-- Problem description --
Repeat nothing but the lines below running from the one containing "End OptMonotone." to the one containing "Proof. by case=>". Keep both end lines.
——————————
(* Let $I=(p_t)_{t\in[n]}$ be an instance and $\hat I=(\hat p_t)_{t\in[n]}$ a prediction. For every $S\subseteq[n]$, letting $\hat I_S$ be the instance with $t$-th entry $p_t$ for $t\in S$ and $\hat p_t$ for $t\notin S$, we have $\tau([1,n],I,\hat I)\ge\tau([1,n],I,\hat I_S)$ (monotonicity). Moreover $|\mathrm{opt}(I)-\mathrm{opt}(\hat I)|\le\tau([1,n],I,\hat I)$ (Lipschitzness).
   Context: Fix a real parameter $d>0$. An instance is a finite sequence $I=(p_t)_{t\in[T]}$ of nonnegative reals; instances of different lengths are compared by padding with zeros. A solution is a finite set $X=\{x_1<\dots<x_k\}\subseteq[T]$; it is feasible for $I$ if either all $p_t=0$, or $X\ne\emptyset$ and $\max X\ge\max\{t:p_t>0\}$. With $x_0:=0$, $F(I,X)=|X|+\frac1d\sum_{i=1}^{k}\sum_{t=x_{i-1}+1}^{x_i}p_t(x_i-t)$, and $\mathrm{opt}(I)=\min\{F(I,X): X\text{ feasible}\}$. For $a\le b$, the subinstance $I\langle a,b\rangle=(p_t)_{t\in\{a,\dots,b\}}$ is an instance on time set $\{a,\dots,b\}$ (solutions are subsets of $\{a,\dots,b\}$, cost formula with $x_0:=a-1$). For an actual instance $I=(p_t)$ and a predicted instance $\hat I=(\hat p_t)$ on the same time set, the overpredicted instance is $O(I,\hat I)=(\max\{p_t,\hat p_t\})_t$ and the underpredicted instance is $U(I,\hat I)=(\min\{p_t,\hat p_t\})_t$. The auxiliary error on $[t_1,t_2]$ is $\tau([t_1,t_2],I,\hat I)=\mathrm{opt}(O(I\langle t_1,t_2\rangle,\hat I\langle t_1,t_2\rangle))-\mathrm{opt}(U(I\langle t_1,t_2\rangle,\hat I\langle t_1,t_2\rangle))$. *)

From HB Require Import structures.
From mathcomp Require Import all_boot all_order all_algebra.
Set Implicit Arguments. Unset Strict Implicit. Unset Printing Implicit Defensive.
Import Order.TTheory GRing.Theory Num.Theory.
Local Open Scope ring_scope.

Section Defs.
Variable R : realFieldType.

(* An instance on time set [1..n] is (n, p) with p : nat -> R, only the
   values p 1, ..., p n matter.  A solution is X : {set 'I_n}, where the
   element i : 'I_n stands for the time (val i).+1. *)

(* cost of the consecutive segments, x_0 := prev *)
Fixpoint segcost (p : nat -> R) (prev : nat) (xs : seq nat) : R :=
  match xs with
  | [::] => 0
  | x :: xs' =>
      (\sum_(prev.+1 <= t < x.+1) p t * (x - t)%:R) + segcost p x xs'
  end.

Definition times (n : nat) (X : {set 'I_n}) : seq nat :=
  sort leq [seq (val x).+1 | x <- enum X].

Definition cost (d : R) (n : nat) (p : nat -> R) (X : {set 'I_n}) : R :=
  #|X|%:R + d^-1 * segcost p 0 (times X).

Definition feasible (n : nat) (p : nat -> R) (X : {set 'I_n}) : bool :=
  [forall t : 'I_n, p (val t).+1 == 0] ||
  [exists x in X, [forall t : 'I_n, (0 < p (val t).+1) ==> (t <= x)%N]].

(* opt(I) = min of F(I,X) over feasible X (the full set [n] is always
   feasible, so it serves as a harmless seed of the minimum) *)
Definition opt (d : R) (n : nat) (p : nat -> R) : R :=
  \big[Num.min/cost d p [set: 'I_n]]_(X : {set 'I_n} | feasible p X) cost d p X.

(* subinstance I<a,b>, shifted to time set [1 .. b-a+1]; the cost is
   invariant under this shift since x_0 := a-1 becomes 0 *)
Definition subinst (p : nat -> R) (a : nat) : nat -> R := fun t => p (t + a).-1.

Definition overI (p ph : nat -> R) : nat -> R := fun t => Num.max (p t) (ph t).
Definition underI (p ph : nat -> R) : nat -> R := fun t => Num.min (p t) (ph t).

Definition tau (d : R) (t1 t2 : nat) (p ph : nat -> R) : R :=
  opt d (t2.+1 - t1) (overI (subinst p t1) (subinst ph t1))
  - opt d (t2.+1 - t1) (underI (subinst p t1) (subinst ph t1)).

(* Ih_S : p_t for t in S, ph_t otherwise (S subset of [n], i in S is time i+1) *)
Definition mixS (n : nat) (S : {set 'I_n}) (p ph : nat -> R) : nat -> R :=
  fun t => if [exists i in S, (val i).+1 == t] then p t else ph t.

Definition is_instance (n : nat) (p : nat -> R) : Prop :=
  forall t, (1 <= t <= n)%N -> 0 <= p t.

End Defs.

From HB Require Import structures.
From mathcomp Require Import all_boot all_order all_algebra.
From mathcomp Require Import lra.
Import Order.TTheory GRing.Theory Num.Theory.
Local Open Scope ring_scope.

(* Both claims follow from one structural fact: for nonnegative instances
   and d >= 0, opt is monotone in the instance, pointwise on [1..n].
   - The cost F(I,X) of a fixed solution is monotone in I (all waiting
     costs have nonnegative weights), while feasibility is antitone in I
     (a larger instance has a larger set of positive times).  Hence the
     minimum over feasible solutions is monotone.
   - On the full range [1,n], tau is opt(max(I,Ih)) - opt(min(I,Ih)).
   - Every instance f lying pointwise between min(I,Ih) and max(I,Ih) thus
     has opt(min) <= opt(f) <= opt(max).  Applied to I and Ih this gives
     Lipschitzness; since max(I,Ih_S) <= max(I,Ih) and min(I,Ih_S) >=
     min(I,Ih), the same monotonicity gives tau(I,Ih_S) <= tau(I,Ih). *)

Section OptMonotone.
Variables (R : realFieldType) (d : R) (n : nat).
Hypothesis d_ge0 : 0 <= d.

Definition le_on (p q : nat -> R) : Prop :=
  forall t, (1 <= t <= n)%N -> p t <= q t.

Lemma segcost_mono {p q : nat -> R} (xs : seq nat) (prev : nat) :
  le_on p q -> all (fun x => x <= n)%N xs ->
  segcost p prev xs <= segcost q prev xs.
Proof.
move=> hpq; elim: xs prev => [|x xs IH] prev //= /andP [hx hxs].
apply: lerD; last exact: IH.
apply: ler_sum_nat => t /andP [h1 h2].
apply: ler_wpM2r; first exact: ler0n.
apply: hpq; rewrite (leq_trans _ h1) //=.
by apply: leq_trans hx; rewrite -ltnS.
Qed.

Lemma times_le (X : {set 'I_n}) : all (fun x => x <= n)%N (times X).
Proof.
by apply/allP => x; rewrite /times mem_sort => /mapP [i _ ->]; exact: ltn_ord.
Qed.

Lemma cost_mono {p q : nat -> R} {X : {set 'I_n}} :
  le_on p q -> cost d p X <= cost d q X.
Proof.
move=> hpq; rewrite /cost lerD2l; apply: ler_wpM2l; first by rewrite invr_ge0.
exact: segcost_mono _ 0 hpq (times_le X).
Qed.

(* A solution feasible for a larger instance is feasible for a smaller
   nonnegative one: its positive times are among those of the larger. *)
Lemma feasible_antimono {p q : nat -> R} {X : {set 'I_n}} :
  is_instance n p -> le_on p q -> feasible q X -> feasible p X.
Proof.
move=> hp hpq; have ht (t : 'I_n) : (1 <= (val t).+1 <= n)%N by rewrite /= ltn_ord.
rewrite /feasible => /orP [/forallP q0 | /existsP [x /andP [hx /forallP qle]]].
  apply/orP; left; apply/forallP => t; rewrite eq_le hp ?ht // andbT.
  by rewrite -(eqP (q0 t)); apply: hpq.
apply/orP; right; apply/existsP; exists x; rewrite hx /=.
apply/forallP => t; apply/implyP => p_pos.
by apply: (implyP (qle t)); exact: lt_le_trans p_pos (hpq _ (ht t)).
Qed.

Lemma opt_le_cost (p : nat -> R) (X : {set 'I_n}) :
  feasible p X -> opt d n p <= cost d p X.
Proof. by move=> hX; rewrite /opt (bigD1 X) //= ge_min lexx. Qed.

Lemma opt_le_seed (p : nat -> R) : opt d n p <= cost d p [set: 'I_n].
Proof. by rewrite /opt; elim/big_rec: _ => // X y _ hy; rewrite ge_min hy orbT. Qed.

Lemma opt_mono (p q : nat -> R) :
  is_instance n p -> le_on p q -> opt d n p <= opt d n q.
Proof.
move=> hp hpq; rewrite {2}/opt.
apply: (big_ind (fun y => opt d n p <= y)).
- exact: le_trans (opt_le_seed p) (cost_mono hpq).
- by move=> a b ha hb; rewrite le_min ha hb.
- move=> X hX; apply: le_trans (cost_mono hpq).
  exact/opt_le_cost/(feasible_antimono hp hpq).
Qed.

Lemma opt_eq_on (p q : nat -> R) :
  is_instance n p -> (forall t, (1 <= t <= n)%N -> p t = q t) ->
  opt d n p = opt d n q.
Proof.
move=> hp hpq; have hq : is_instance n q by move=> t ht; rewrite -hpq ?hp.
by apply/le_anti; rewrite !opt_mono // => t ht; rewrite hpq.
Qed.

Lemma opt_squeeze (p q f : nat -> R) :
  is_instance n p -> is_instance n q ->
  le_on (underI p q) f -> le_on f (overI p q) ->
  opt d n (underI p q) <= opt d n f <= opt d n (overI p q).
Proof.
move=> hp hq hlo hhi; have hU : is_instance n (underI p q).
  by move=> t ht; rewrite le_min hp ?hq.
rewrite !opt_mono // => t ht; rewrite (le_trans (hU t ht)) ?hlo //.
Qed.

End OptMonotone.

Lemma choice_between {R : realDomainType} {a b x : R} :
  x = a \/ x = b -> Num.min a b <= x <= Num.max a b.
Proof. by case=> ->; rewrite ge_min le_max lexx ?orbT. Qed.

Lemma tau_full (R : realFieldType) (d : R) (n : nat) (p q : nat -> R) :
  0 <= d -> is_instance n p -> is_instance n q ->
  tau d 1 n p q = opt d n (overI p q) - opt d n (underI p q).
Proof.
move=> d_ge0 hp hq; rewrite /tau subSS subn0.
have shift1 (f : nat -> R) t : subinst f 1 t = f t by rewrite /subinst addn1.
congr (_ - _); apply: (@opt_eq_on _ _ _ d_ge0) => t ht;
  rewrite /overI /underI ?shift1 //.
- by rewrite le_max hp.
- by rewrite le_min hp ?hq.
Qed.

Theorem mainTheorem3 (R : realFieldType) (d : R) (hd : 0 < d)
  (n : nat) (p ph : nat -> R) (hp : is_instance n p) (hph : is_instance n ph) :
  (forall S : {set 'I_n}, tau d 1 n p (mixS S p ph) <= tau d 1 n p ph) /\
  `|opt d n p - opt d n ph| <= tau d 1 n p ph.
Proof.
have d_ge0 : 0 <= d := ltW hd.
have mix_choice (S : {set 'I_n}) t : mixS S p ph t = p t \/ mixS S p ph t = ph t.
  by rewrite /mixS; case: ifP => _; [left|right].
have mix_inst (S : {set 'I_n}) : is_instance n (mixS S p ph).
  by move=> t ht; case: (mix_choice S t) => ->; [apply: hp|apply: hph].
have opt_between (f : nat -> R) : (forall t, f t = p t \/ f t = ph t) ->
    opt d n (underI p ph) <= opt d n f <= opt d n (overI p ph).
  move=> hf; apply: opt_squeeze => // t _;
  by have /andP [lo hi] := choice_between (hf t).
rewrite tau_full //; split=> [S|].
  rewrite tau_full //; apply: lerB; apply: opt_mono => // t ht;
    have /andP [lo hi] := choice_between (mix_choice S t).
  - by rewrite le_max hp.
  - by rewrite /overI ge_max le_max lexx hi.
  - by rewrite le_min hp ?hph.
  - by rewrite /underI le_min ge_min lexx lo.
have /andP [p_lo p_hi] := opt_between p (fun t => or_introl erefl).
have /andP [q_lo q_hi] := opt_between ph (fun t => or_intror erefl).
rewrite ler_norml; apply/andP; split; lra.
Qed.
——————————
-- Output for this exercise --
End OptMonotone.

Lemma choice_between {R : realDomainType} {a b x : R} :
  x = a \/ x = b -> Num.min a b <= x <= Num.max a b.
Proof. by case=> ->; rewrite ge_min le_max lexx ?orbT. Qed.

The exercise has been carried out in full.